Suspended from the ceiling
A map filled with arts
Culture
Symbols
Dancing over a wheel, a chakra
Calling for virtue from the people.

And at the crowded, energetic stage
Sounds of Rajasthan flow into the melody of the violin

Embrace the dance styling of Punjabi rhythm
Din. Dinaka. Din Din. Dinaka. Din Din.

The art, the dance, the music, the film
All merge together amidst the written word
Imagining the city, embracing the politics
Tagore debates Gandhi
Margins and Majority on the silver screen

India is more than just the sum of its arts
More than a saffron-colored sari, or an exotic smell
But for a short while there is a glimpse,
An attempt to encompass, to gather, to embrace
India at the Max.
Maximum India.

I recently spent the first part of March attending a bunch of events for Maximum India. Today I published a review at the Smithsonian Homespun blog. Unlike the literature panel I wrote about last week, this time I tried to take a broader view of the entire festival as a whole–looking at the music, art, dance and what it told us about India and identity. So stop by the Homespun blog–if you saw part of the festival, let us know what you thought.

I am maxed out.

For the last twenty days the Kennedy Center in Washington DC has put on a vision of India. A vision filled with art, music, politics, literature–a vision filled with noise and texture and soul. Maximum India looked to grasp an idea of Indian culture and bring it to the United States. On Friday I attended my last event (though the last of the festival will be a free performance by Panjabi MC) a literature panel with Salman Rushdie and Nayantara Sahgal.  The first is the author of Midnight’s Children (an RPSNE book club book) and is known for his incredible use of the English language, while Sahgal, an author in her own right, is known for setting her books against the backdrop of change in the South Asian subcontinent–in addition to being the niece of India’s first prime minister Jawaharlal Nehru. Ahdaf Soueif, a political and cultural commentator, moderated the panel.

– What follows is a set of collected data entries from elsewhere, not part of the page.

(* Let $f \in \mathbb{N}_0[x^{\pm 1}]$ be such that $f(1) = p + q$ for some prime numbers $p$ and $q$. Then $f$ can be written as the sum of two irreducible elements of $\mathbb{N}_0[x^{\pm 1}]$.
   Context: $\mathbb{N}_0[x^{\pm 1}]$ denotes the semiring of Laurent polynomials in $x$ with nonnegative integer coefficients. Its units are exactly the monomials $x^k$, $k \in \mathbb{Z}$. An element $f$ is irreducible if it is nonzero, not a unit, and whenever $f = gh$ with $g,h \in \mathbb{N}_0[x^{\pm 1}]$, one of $g,h$ is a unit. *)

From mathcomp Require Import all_boot all_algebra.
Set Implicit Arguments. Unset Strict Implicit. Unset Printing Implicit Defensive.
Local Open Scope ring_scope.

(* The semiring N_0[x^{+-1}] of Laurent polynomials with nonnegative integer
   coefficients, presented as the localization of N_0[x] = {poly nat} at x:
   a pair (n, P) denotes the Laurent polynomial x^{-n} * P(x).
   Two representatives denote the same element iff x^m P = x^n Q. *)
Definition laurent := (nat * {poly nat})%type.

Definition leq_l (f g : laurent) : Prop := 'X^(g.1) * f.2 = 'X^(f.1) * g.2.

Definition ladd (f g : laurent) : laurent :=
  ((f.1 + g.1)%N, 'X^(g.1) * f.2 + 'X^(f.1) * g.2).

Definition lmul (f g : laurent) : laurent := ((f.1 + g.1)%N, f.2 * g.2).

Definition leval1 (f : laurent) : nat := f.2.[1].

Definition lunit (f : laurent) : Prop :=
  exists n j : nat, leq_l f (n, 'X^j).

Definition lzero (f : laurent) : Prop := f.2 = 0.

Definition lirreducible (f : laurent) : Prop :=
  ~ lzero f /\ ~ lunit f /\
  forall g h : laurent, leq_l f (lmul g h) -> lunit g \/ lunit h.

(* Evaluation at x = 1 is multiplicative and takes the value 1 exactly on the
   monomials, since a polynomial with nonnegative integer coefficients summing
   to 1 is a power of x.  Hence every f with f(1) prime is irreducible.  As the
   coefficients of f sum to p + q, they can be shared out between g and h so
   that g(1) = p and h(1) = q. *)
From mathcomp Require Import all_boot all_algebra.

Set Implicit Arguments. Unset Strict Implicit. Unset Printing Implicit Defensive.
Import GRing.Theory.
Local Open Scope ring_scope.

Lemma prime_muln_eq1 (m n : nat) : prime (m * n) -> m = 1%N \/ n = 1%N.
Proof.
move=> pr_mn; have [m1 | m_neq1] := eqVneq m 1%N; first by left.
right; have m_gt0 : (0 < m)%N by move: (prime_gt0 pr_mn); rewrite muln_gt0 => /andP[].
have /(prime_nt_dvdP pr_mn m_neq1) mE : (m %| m * n)%N by apply: dvdn_mulr.
by apply/eqP; rewrite -(eqn_pmul2l m_gt0) muln1 -mE.
Qed.

Lemma horner1_eq0 (A : {poly nat}) : A.[1] = 0%N -> A = 0.
Proof.
elim/poly_ind: A => [// | Q c IH]; rewrite hornerMXaddC mulr1.
move=> /eqP; rewrite addn_eq0 => /andP[/eqP /IH -> /eqP ->].
by rewrite mul0r add0r.
Qed.

Lemma horner1_eq1 (A : {poly nat}) : A.[1] = 1%N -> exists j, A = 'X^j.
Proof.
elim/poly_ind: A => [| Q c IH]; first by rewrite horner0.
rewrite hornerMXaddC mulr1 => /eqP; rewrite addn_eq1.
case/orP => /andP[/eqP Q1 /eqP ->].
- by have [j ->] := IH Q1; exists j.+1; rewrite addr0 exprSr.
- by rewrite (horner1_eq0 Q1); exists 0%N; rewrite mul0r add0r.
Qed.

Lemma split_horner1 (P : {poly nat}) (k : nat) :
  (k <= P.[1])%N -> exists G H : {poly nat}, G + H = P /\ G.[1] = k.
Proof.
elim/poly_ind: P k => [| Q c IH] k.
  by rewrite horner0 leqn0 => /eqP ->; exists 0, 0; rewrite addr0 horner0.
rewrite hornerMXaddC mulr1 => k_le.
have [k_leQ | Q_ltk] := leqP k Q.[1].
  have [G [H [<- G1]]] := IH k k_leQ.
  exists (G * 'X), (H * 'X + c%:P); split; first by rewrite addrA -mulrDl.
  by rewrite hornerMX mulr1.
exists (Q * 'X + (k - Q.[1])%N%:P), ((c - (k - Q.[1]))%N%:P); split.
  rewrite -addrA -polyCD; congr (_ + _%:P); apply: subnKC.
  by rewrite leq_subLR.
by rewrite hornerMXaddC mulr1; apply: subnKC; apply: ltnW.
Qed.

Lemma leval1M (g h : laurent) : leval1 (lmul g h) = (leval1 g * leval1 h)%N.
Proof. exact: hornerM. Qed.

Lemma leq_l_leval1 (f g : laurent) : leq_l f g -> leval1 f = leval1 g.
Proof.
by move/(congr1 (horner^~ 1)); rewrite !hornerM !hornerXn !expr1n !mul1r.
Qed.

Lemma lunitP (f : laurent) : lunit f <-> leval1 f = 1%N.
Proof.
split; first by case=> n [j /leq_l_leval1 ->]; rewrite /leval1 hornerXn expr1n.
case: f => m A; rewrite /leval1 /= => /horner1_eq1 [j ->].
by exists m, j; rewrite /leq_l mulrC.
Qed.

Lemma lirreducible_prime (f : laurent) : prime (leval1 f) -> lirreducible f.
Proof.
move=> pr_f; split; [| split].
- by rewrite /lzero => f0; move: pr_f; rewrite /leval1 f0 horner0.
- by move/lunitP => f1; move: pr_f; rewrite f1.
- move=> g h /leq_l_leval1; rewrite leval1M => fE.
  by move: pr_f; rewrite fE => /prime_muln_eq1 [/lunitP | /lunitP]; [left | right].
Qed.

Theorem corollary2p2 (f : laurent) (p q : nat) :
  prime p -> prime q -> leval1 f = (p + q)%N ->
  exists g h : laurent, lirreducible g /\ lirreducible h /\ leq_l f (ladd g h).
Proof.
case: f => n P pr_p pr_q; rewrite /leval1 /= => P1.
have [G [H [GH G1]]] : exists G H : {poly nat}, G + H = P /\ G.[1] = p.
  by apply: split_horner1; rewrite P1 leq_addr.
have H1 : H.[1] = q.
  by apply/eqP; rewrite -(eqn_add2l p) -P1 -GH hornerD G1.
exists (n, G), (n, H); split; [| split].
- by apply: lirreducible_prime; rewrite /leval1 G1.
- by apply: lirreducible_prime; rewrite /leval1 H1.
- by rewrite /leq_l /= -GH -mulrDr mulrA -exprD.
Qed.
Lemma absorbing_time : exists2 eta0, 0 < eta0 &
  forall e e', 0 < e -> e <= e' -> e' <= eta0 -> exists T s0, 0 <= T /\
    forall s x, s <= s0 -> nbhd_set e' Am x -> nbhd_set e Am (Phi (s + T) s x).
Proof.
case: AS => cA _ stab [ea ea0 attr].
have [dB dB0 [Rb [Rb0 traj_le]]] := flow_bounded_near_attractor.
have m0 : 0 < Order.min dB ea by rewrite lt_min dB0 ea0.
have [mdB mea] : Order.min dB ea <= dB /\ Order.min dB ea <= ea by rewrite !ge_min !lexx ?orbT.
exists (Order.min dB ea / 2) => [|e e' e0 ee' e'_le]; first exact: divr_gt0.
pose Y := closure (nbhd_set e' Am).
have e'0 : 0 < e' by exact: lt_le_trans ee'.
have YN x : Y x -> [/\ nbhd_set dB Am x & nbhd_set ea Am x].
  move=> /(closure_nbhd_set_sub e'0) Nx.
  by split; apply: nbhd_set_le Nx; lra.
have [d2 d20 stab2] := stab (e / 2) ltac:(by rewrite divr_gt0).
have := uniform_attraction (compact_closure_nbhd_set cA e'0) d20 Rb0 stab2
  (fun x Yx => traj_le x (YN x Yx).1) (fun x Yx => attr x (YN x Yx).2).
move=> [M [_ HM]]; pose T := Order.max M 0 + 1.
have [MT T0] : M < T /\ 0 <= T.
  have : M <= Order.max M 0 /\ 0 <= Order.max M 0 by rewrite !le_max !lexx ?orbT.
  by rewrite /T; lra.
have mu0 : 0 < e / 2 / (n%:R + 1) by rewrite !divr_gt0 // ltr_wpDl.
have [s0 near_flow] := cocycle_near_flow Cf PS SC AF r0 T0 Rb0 mu0.
exists T, s0; split=> // s x ss0 Nx.
have Yx : Y x by exact: subset_closure.
have -> : e = 2 * (e / 2) by rewrite mulrC divfK ?pnatr_eq0.
apply: nbhd_set_perturb (HM T MT x Yx) _; apply: near_flow => // th /andP[th0 _].
exact: traj_le (YN x Yx).1 th th0.
Qed.

End attraction.

Unset Implicit Arguments.
Set Strict Implicit.

Theorem lemma2p4 (R : realType) (n : nat)
  (f : 'rV[R]_n * R -> 'rV[R]_n) (lm lp : R) (L : R -> R) (r : R)
  (Phi : R -> R -> 'rV[R]_n -> 'rV[R]_n) (phi : R -> 'rV[R]_n -> 'rV[R]_n)
  (Am : set 'rV[R]_n) :
  C1 f -> lm < lp -> parameter_shift lm lp L -> 0 < r ->
  solution_cocycle f L r Phi -> autonomous_flow f lm phi ->
  asymptotically_stable phi Am ->
  exists2 eta0 : R, 0 < eta0 &
    forall eta eta' : R, 0 < eta <= eta0 -> 0 < eta' <= eta0 ->
      forall t : R, pullback_set Phi Am eta t = pullback_set Phi Am eta' t.
Proof.
move=> Cf _ PS r0 SC AF AS. (* lm < lp already follows from parameter_shift. *)
have [eta0 eta0_gt0 absorb] := absorbing_time Cf PS SC AF AS r0.
exists eta0 => // e e' /andP[e0 e_le] /andP[e'0 e'_le] t.
wlog ee' : e e' e0 e'0 e_le e'_le / e <= e' => [hwlog|].
  have [ee'|/ltW e'e] := leP e e'; first exact: hwlog.
  by symmetry; apply: hwlog.
have [T [s0 [T0 absorb_eta]]] := absorb e e' e0 ee' e'_le.
apply/seteqP; split; first exact: pullback_set_le.
exact: pullback_set_absorb (cocycle_comp Cf PS SC) T0 absorb_eta t.
Qed.
Lemma across_lattice_not_dense (u0 : C) (c : R) : u0 <> 0 -> c <> 0%R ->
  ~ dense_set (across_lattice u0 c).
Proof.
  intros Hu0 Hc Dn. pose proof (proj1 (Cmod_gt_0 u0) Hu0) as Cu0.
  pose proof (Rabs_pos_lt c Hc) as Cc.
  (* no point of the set comes close to the line where across u0 equals c / 2 *)
  set (z := Ci * (c / 2)%R * u0).
  destruct (Dn z (Cmod u0 * Rabs c / 4)%R) as (x & (m & Hm) & Hx); [nra |].
  pose proof (Rabs_across_le u0 (x - z) Hu0) as Hle.
  unfold z in Hle. rewrite across_sub, across_Ci_mul, Hm in Hle by exact Hu0. fold z in Hle.
  assert (Hhalf : (Rabs c * Rabs (IZR m - 1 / 2) < Rabs c * (1 / 4))%R).
  { rewrite <- Rabs_mult. replace (c * (IZR m - 1 / 2))%R with (IZR m * c - c / 2)%R by field.
    eapply Rle_lt_trans; [exact Hle |].
    apply (Rmult_lt_reg_l (Cmod u0)); [exact Cu0 |].
    replace (Cmod u0 * (Cmod (x - z) / Cmod u0))%R with (Cmod (x - z)) by (field; lra).
    lra. }
  apply Rmult_lt_reg_l in Hhalf; [| exact Cc]. apply Rabs_def2 in Hhalf.
  destruct (Z_le_gt_dec m 0) as [Hm0 | Hm0].
  - apply IZR_le in Hm0. lra.
  - assert (1 <= IZR m)%R by (apply IZR_le; lia). lra.
Qed.

Lemma across_commensurable (G : C -> Prop) (u0 g0 z : C) :
  is_subgroup G -> across_discrete u0 G -> G g0 -> across u0 g0 <> 0%R -> G z ->
  exists N, (1 <= N)%nat /\ across_lattice u0 (across u0 g0) (INR N * z).
Proof.
  intros HG (eta & He & Gap) Gg0 Hc Gz. set (c := across u0 g0) in *.
  pose proof (Rabs_pos_lt c Hc) as Cc.
  destruct (archimed_cor1 (eta / Rabs c)) as (K & HK & HKpos); [apply Rdiv_lt_0_compat; assumption |].
  apply (Rmult_lt_compat_r (Rabs c)) in HK; [| exact Cc].
  replace (eta / Rabs c * Rabs c)%R with eta in HK by (field; lra).
  destruct (dirichlet (across u0 z / c) K ltac:(lia)) as (n & Hn & m & Hm).
  exists n. split; [lia |]. exists m.
  (* n z - m g0 lies in G and is almost parallel to u0, hence exactly parallel *)
  set (h := INR n * z - IZR m * g0).
  assert (Gh : G h).
  { apply subgroup_sub; [exact HG | apply subgroup_nat_mul | apply subgroup_Z_mul]; assumption. }
  assert (Eh : across u0 h = (c * (INR n * (across u0 z / c) - IZR m))%R).
  { unfold h. rewrite across_sub, !across_scal. fold c. field. exact Hc. }
  assert (Sh : (Rabs (across u0 h) < eta)%R).
  { rewrite Eh, Rabs_mult. pose proof (Rabs_pos (INR n * (across u0 z / c) - IZR m)). nra. }
  pose proof (Gap h Gh Sh) as H0. rewrite Eh in H0.
  apply Rmult_integral in H0 as [H0 | H0]; [contradiction |].
  rewrite across_scal.
  replace (INR n * across u0 z)%R with (INR n * (across u0 z / c) * c)%R by (field; exact Hc).
  f_equal. lra.
Qed.

Lemma across_discrete_lattice_sum_not_dense (a b : nat -> C) (u0 g0 : C) (I : list nat) :
  u0 <> 0 -> across u0 g0 <> 0%R ->
  (forall i, In i I -> exists G, is_subgroup G /\ across_discrete u0 G /\
       G g0 /\ G (a i) /\ G (b i)) ->
  ~ dense_set (sumsets (map (fun i => Zspan2 (a i) (b i)) I)).
Proof.
  intros Hu0 Hc HI Dn.
  destruct (Zspan2_family_scaled (across_lattice u0 (across u0 g0)) a b I
              (across_lattice_subgroup _ _)) as (N & HN & Sub).
  { intros i Hi. destruct (HI i Hi) as (G & HG & AG & Gg0 & Ga & Gb).
    split; apply (across_commensurable G); assumption. }
  exact (across_lattice_not_dense u0 _ Hu0 Hc (dense_scaled _ _ N HN Sub Dn)).
Qed.

Lemma In_1_or_max2 (i : nat) (l : list nat) : (1 <= i)%nat ->
  In i (1%nat :: l ++ Nat.max 2 i :: nil).
Proof.
  intros Hi. destruct (Nat.eq_dec i 1) as [-> | Hi1]; [left; reflexivity |].
  right. apply in_or_app. right. left. lia.
Qed.

Section Lattices.

Variables (g : nat) (a b : nat -> C).
Hypothesis Hg : (2 <= g)%nat.
Hypothesis Hindep : forall i, (1 <= i <= g)%nat -> R_lin_indep (a i) (b i).

Let span (I : list nat) : C -> Prop := sumsets (map (fun i => Zspan2 (a i) (b i)) I).

Lemma span_subgroup (I : list nat) : is_subgroup (span I).
Proof. apply sumsets_subgroup, Zspan2_family_subgroups. Qed.

Lemma span_In (I : list nat) (i : nat) (z : C) : In i I -> Zspan2 (a i) (b i) z -> span I z.
Proof.
  intros Hi Hz. apply (sumsets_In _ (Zspan2 (a i) (b i))); [apply Zspan2_family_subgroups | | exact Hz].
  apply (in_map (fun i => Zspan2 (a i) (b i))), Hi.
Qed.

Lemma lattice_sum_nondiscrete_pair :
  ~ discrete_set (span (seq 1 g)) ->
  exists j, (2 <= j <= g)%nat /\ ~ discrete_set (span (1%nat :: j :: nil)).
Proof.
  intros ND. apply NNPP. intros AllDiscrete. apply ND.
  apply (discrete_lattice_sum a b (a 1%nat) (b 1%nat)); [apply Hindep; lia |].
  intros i Hi. apply in_seq in Hi.
  (* Lambda_i lies in the pair Lambda_1 + Lambda_k, with k = max 2 i *)
  pose proof (In_1_or_max2 i nil ltac:(lia)) as Hk.
  exists (span (1%nat :: Nat.max 2 i :: nil)).
  refine (conj (span_subgroup _) (conj _ (conj _ (conj _ (conj _ _))))).
  - apply NNPP. intros Hnd. apply AllDiscrete. exists (Nat.max 2 i). split; [lia | exact Hnd].
  - apply (span_In _ 1%nat); [left; reflexivity | apply Zspan2_l].
  - apply (span_In _ 1%nat); [left; reflexivity | apply Zspan2_r].
  - apply (span_In _ i); [exact Hk | apply Zspan2_l].
  - apply (span_In _ i); [exact Hk | apply Zspan2_r].
Qed.

Lemma lattice_sum_dense_triple (j : nat) : (2 <= j <= g)%nat ->
  dense_set (span (seq 1 g)) -> ~ discrete_set (span (1%nat :: j :: nil)) ->
  exists k, (2 <= k <= g)%nat /\ dense_set (span (1%nat :: j :: k :: nil)).
Proof.
  intros Hj Dn ND.
  assert (Pair : forall k z, span (1%nat :: j :: nil) z -> span (1%nat :: j :: k :: nil) z).
  { intros k. apply sumsets_incl; [apply Zspan2_family_subgroups |].
    intros A HA. simpl in HA |- *. tauto. }
  destruct (nondiscrete_dichotomy _ (span_subgroup _) ND) as [Dpair | (u0 & Hu0 & Line)].
  { exists j. split; [exact Hj |]. exact (dense_set_mono _ _ (Pair j) Dpair). }
  destruct (lattice_off_line (a 1%nat) (b 1%nat) u0 (Hindep 1%nat ltac:(lia)) Hu0)
    as (g0 & Zg0 & Hg0).
  destruct (classic (exists k, (2 <= k <= g)%nat /\ ~ across_discrete u0 (span (1%nat :: j :: k :: nil))))
    as [(k & Hk & Steep) | Flat].
  - exists k. split; [exact Hk |].
    apply (dense_of_line _ u0); [apply span_subgroup | exact Hu0 | | exact Steep].
    intros d Hd. destruct (Line d Hd) as (u & Hu & Hrest). exists u. split; [apply Pair, Hu | exact Hrest].
  - exfalso. apply (across_discrete_lattice_sum_not_dense a b u0 g0 (seq 1 g) Hu0 Hg0); [| exact Dn].
    intros i Hi. apply in_seq in Hi.
    pose proof (In_1_or_max2 i (j :: nil) ltac:(lia)) as Hk.
    exists (span (1%nat :: j :: Nat.max 2 i :: nil)).
    refine (conj (span_subgroup _) (conj _ (conj _ (conj _ _)))).
    + apply NNPP. intros Hnd. apply Flat. exists (Nat.max 2 i). split; [lia | exact Hnd].
    + apply (span_In _ 1%nat); [left; reflexivity | exact Zg0].
    + apply (span_In _ i); [exact Hk | apply Zspan2_l].
    + apply (span_In _ i); [exact Hk | apply Zspan2_r].
Qed.
(* Let $\alpha$ be a unit-speed curve in $\mathbb{R}^3$ with arc length $s$, nonzero curvature $\kappa$ and torsion $\tau$. Let $\alpha_T$ be its tangent indicatrix, and let $\beta$ be a Bertrand-direction curve of $\alpha_T$ with constant angle $\theta$ (so $X=\cos\theta\,T_T+\sin\theta\,B_T$). Then, at corresponding parameter values, $$\frac{-\sin\theta+(\tau_\beta/\kappa_\beta)\cos\theta}{\cos\theta+(\tau_\beta/\kappa_\beta)\sin\theta}=\frac{\kappa^2}{(\kappa^2+\tau^2)^{3/2}}\Big(\frac{\tau}{\kappa}\Big)',$$ where $'=d/ds$.
   Context: Let $\alpha:I\subset\mathbb{R}\to\mathbb{R}^3$ be a unit-speed curve with arc length $s$, curvature $\kappa>0$, torsion $\tau$ and Frenet frame $\{T,N,B\}$. Put $f=\tau/\kappa$ and $\sigma=\frac{\kappa^2}{(\kappa^2+\tau^2)^{3/2}}(\tau/\kappa)'$. The tangent indicatrix of $\alpha$ is the curve $\alpha_T=T$ on the unit sphere. Its arc length is $s_T=\int\kappa\,ds$, so parameters $s$ and $s_T(s)$ correspond. Its Frenet apparatus is $\{T_T,N_T,B_T,\kappa_T,\tau_T\}$, with $\frac{dT_T}{ds_T}=\kappa_TN_T$, $\frac{dN_T}{ds_T}=-\kappa_TT_T+\tau_TB_T$ and $\frac{dB_T}{ds_T}=-\tau_TN_T$. It is known that $\kappa_T=\sqrt{1+f^2}$ and $\tau_T=\sigma\sqrt{1+f^2}$. Let $x,y,z$ be real functions of $s_T$ with $x^2+y^2+z^2=1$, and set $X=xT_T+yN_T+zB_T$. An integral curve $\beta$ of $X$, meaning $d\beta/ds_T=X$, is an $X$-direction curve of $\alpha_T$. It is regarded as a unit-speed Frenet curve with frame $\{T_\beta=X,N_\beta,B_\beta\}$, curvature $\kappa_\beta>0$ and torsion $\tau_\beta$. $\beta$ is a Bertrand-direction curve of $\alpha_T$ if $N_\beta=N_T$; then $X=\cos\theta\,T_T+\sin\theta\,B_T$ for a constant $\theta$. *)

From Stdlib Require Import Reals.
From Coquelicot Require Import Coquelicot.
Open Scope R_scope.

Record vec3 : Type := V3 { vx : R ; vy : R ; vz : R }.

Definition vadd (a b : vec3) : vec3 := V3 (vx a + vx b) (vy a + vy b) (vz a + vz b).
Definition vscal (k : R) (a : vec3) : vec3 := V3 (k * vx a) (k * vy a) (k * vz a).
Definition dot (a b : vec3) : R := vx a * vx b + vy a * vy b + vz a * vz b.
Definition cross (a b : vec3) : vec3 :=
  V3 (vy a * vz b - vz a * vy b)
     (vz a * vx b - vx a * vz b)
     (vx a * vy b - vy a * vx b).

Definition vderive (c : R -> vec3) (u : R) (v : vec3) : Prop :=
  is_derive (fun t => vx (c t)) u (vx v) /\
  is_derive (fun t => vy (c t)) u (vy v) /\
  is_derive (fun t => vz (c t)) u (vz v).

Definition pos_orthonormal (T N B : vec3) : Prop :=
  dot T T = 1 /\ dot N N = 1 /\ dot B B = 1 /\
  dot T N = 0 /\ dot T B = 0 /\ dot N B = 0 /\
  B = cross T N.

Definition frenet_apparatus (D : R -> Prop) (c T N B : R -> vec3) (k t : R -> R) : Prop :=
  forall u, D u ->
    vderive c u (T u) /\
    vderive T u (vscal (k u) (N u)) /\
    vderive N u (vadd (vscal (- k u) (T u)) (vscal (t u) (B u))) /\
    vderive B u (vscal (- t u) (N u)) /\
    pos_orthonormal (T u) (N u) (B u) /\
    0 < k u.

Definition in_interval (a b : Rbar) (s : R) : Prop := Rbar_lt a (Finite s) /\ Rbar_lt (Finite s) b.

Definition image_interval (a b : Rbar) (phi : R -> R) (u : R) : Prop :=
  exists s : R, in_interval a b s /\ u = phi s.

(** The tangent indicatrix [T] of [alpha], reparametrised by [s_T], has tangent
    [T_T = N] and normal [N_T] proportional to [N' = -kappa T + tau B]; hence
    [B_T] is proportional to the Darboux direction [tau T + kappa B] and
    [kappa kappa_T = sqrt (kappa^2 + tau^2)].  Differentiating the identity
    [<N_T, f T + B> = 0], where [(f T + B)' = f' T], gives
    [tau_T (kappa^2 + tau^2) = kappa f'], i.e. [tau_T / kappa_T = sigma].
    For the Bertrand-direction curve, [T_beta] and [B_beta] are [T_T] and [B_T]
    rotated by [theta] about [N_T], so [(kappa_beta, tau_beta)] is
    [(kappa_T, tau_T)] rotated by [theta]; undoing the rotation expresses
    [tau_T / kappa_T] through [tau_beta / kappa_beta] as on the left-hand side. *)

From Stdlib Require Import Reals Lra.
From Coquelicot Require Import Coquelicot.
Open Scope R_scope.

So the discussion kicked off with a question to each of the panelists about why their work in literature is suffused with discussions of politics. The short answer? Writing is a form of resistance. That the written word proves that identity is not a collection of stereotypes, but rather what you want it to be. Each looked to their generation, Saghal of the revolutionary, and Rushdie from a transitional India, and found separating what happened around them from what happened at home was unfathomable. For both writing involved an element of the public and the private –and that the only way to make sense of change, to reconcile that change with the vision of India the republic, one had to integrate narratives from the personal and political.

Sometimes dealing with current events, sometimes a lively exercise in humor this lecture touched upon some serious ideas. I was drawn to, as I usually am, to the conversation about language. Rushdie, after being complimented on his lack of “respect” for the English language and his ability to embrace its malleability, spoke of how this malleability makes writing about India in English possible. That he had to find a way to break down the “cool, quiet, formal” English of the British Raj to be compatible with the “hot, noisy cacophony” of languages from India. He said that he wanted to “take English away from the English.”

He wants to push language towards the joyful. Hear. Hear.

This thought, amidst the many other topics from this lecture, inspires me. The way we speak to one another, the way we articulate reactions and actions on the familial, local, regional, national and global stage says much about who you are, who we are, who I am.  That politics and literature define these identities and often are linked together to tell the stories that official history neglects to tell.

Naturally, this part of the conversation led to the question re: who owns the narrative? Who owns the past? What perspective is the most valid? A subject near and dear to every historians heart–and it is acknowledged that the closer you are to the event/situation the harder it is to see beyond your blinders. Writing in the moment has some value, but taking a step back (that is an act of time mores so than a physical taking a step back) can bring details into focus that you wouldn’t see otherwise.

An obvious assertion, one that I’ve heard a few times in a few different places. Distance and time bring truths closer to the one reality. For literature that is deeply rooted in the larger public narrative of the place in which it is set, that distance and time makes a story stronger, more reliable, more resonant….

More Joyful.

The third part of my trip involved a long needed vacation within my vacation. At this point my sisters and I had shopped for six days straight and it was time to kick up our feet. So we traveled (a quick 1 hour flight) to South Goa, but because it was right before the start of peak season everything was fairly quiet…so we took it in stride and did a whole lot of nothing.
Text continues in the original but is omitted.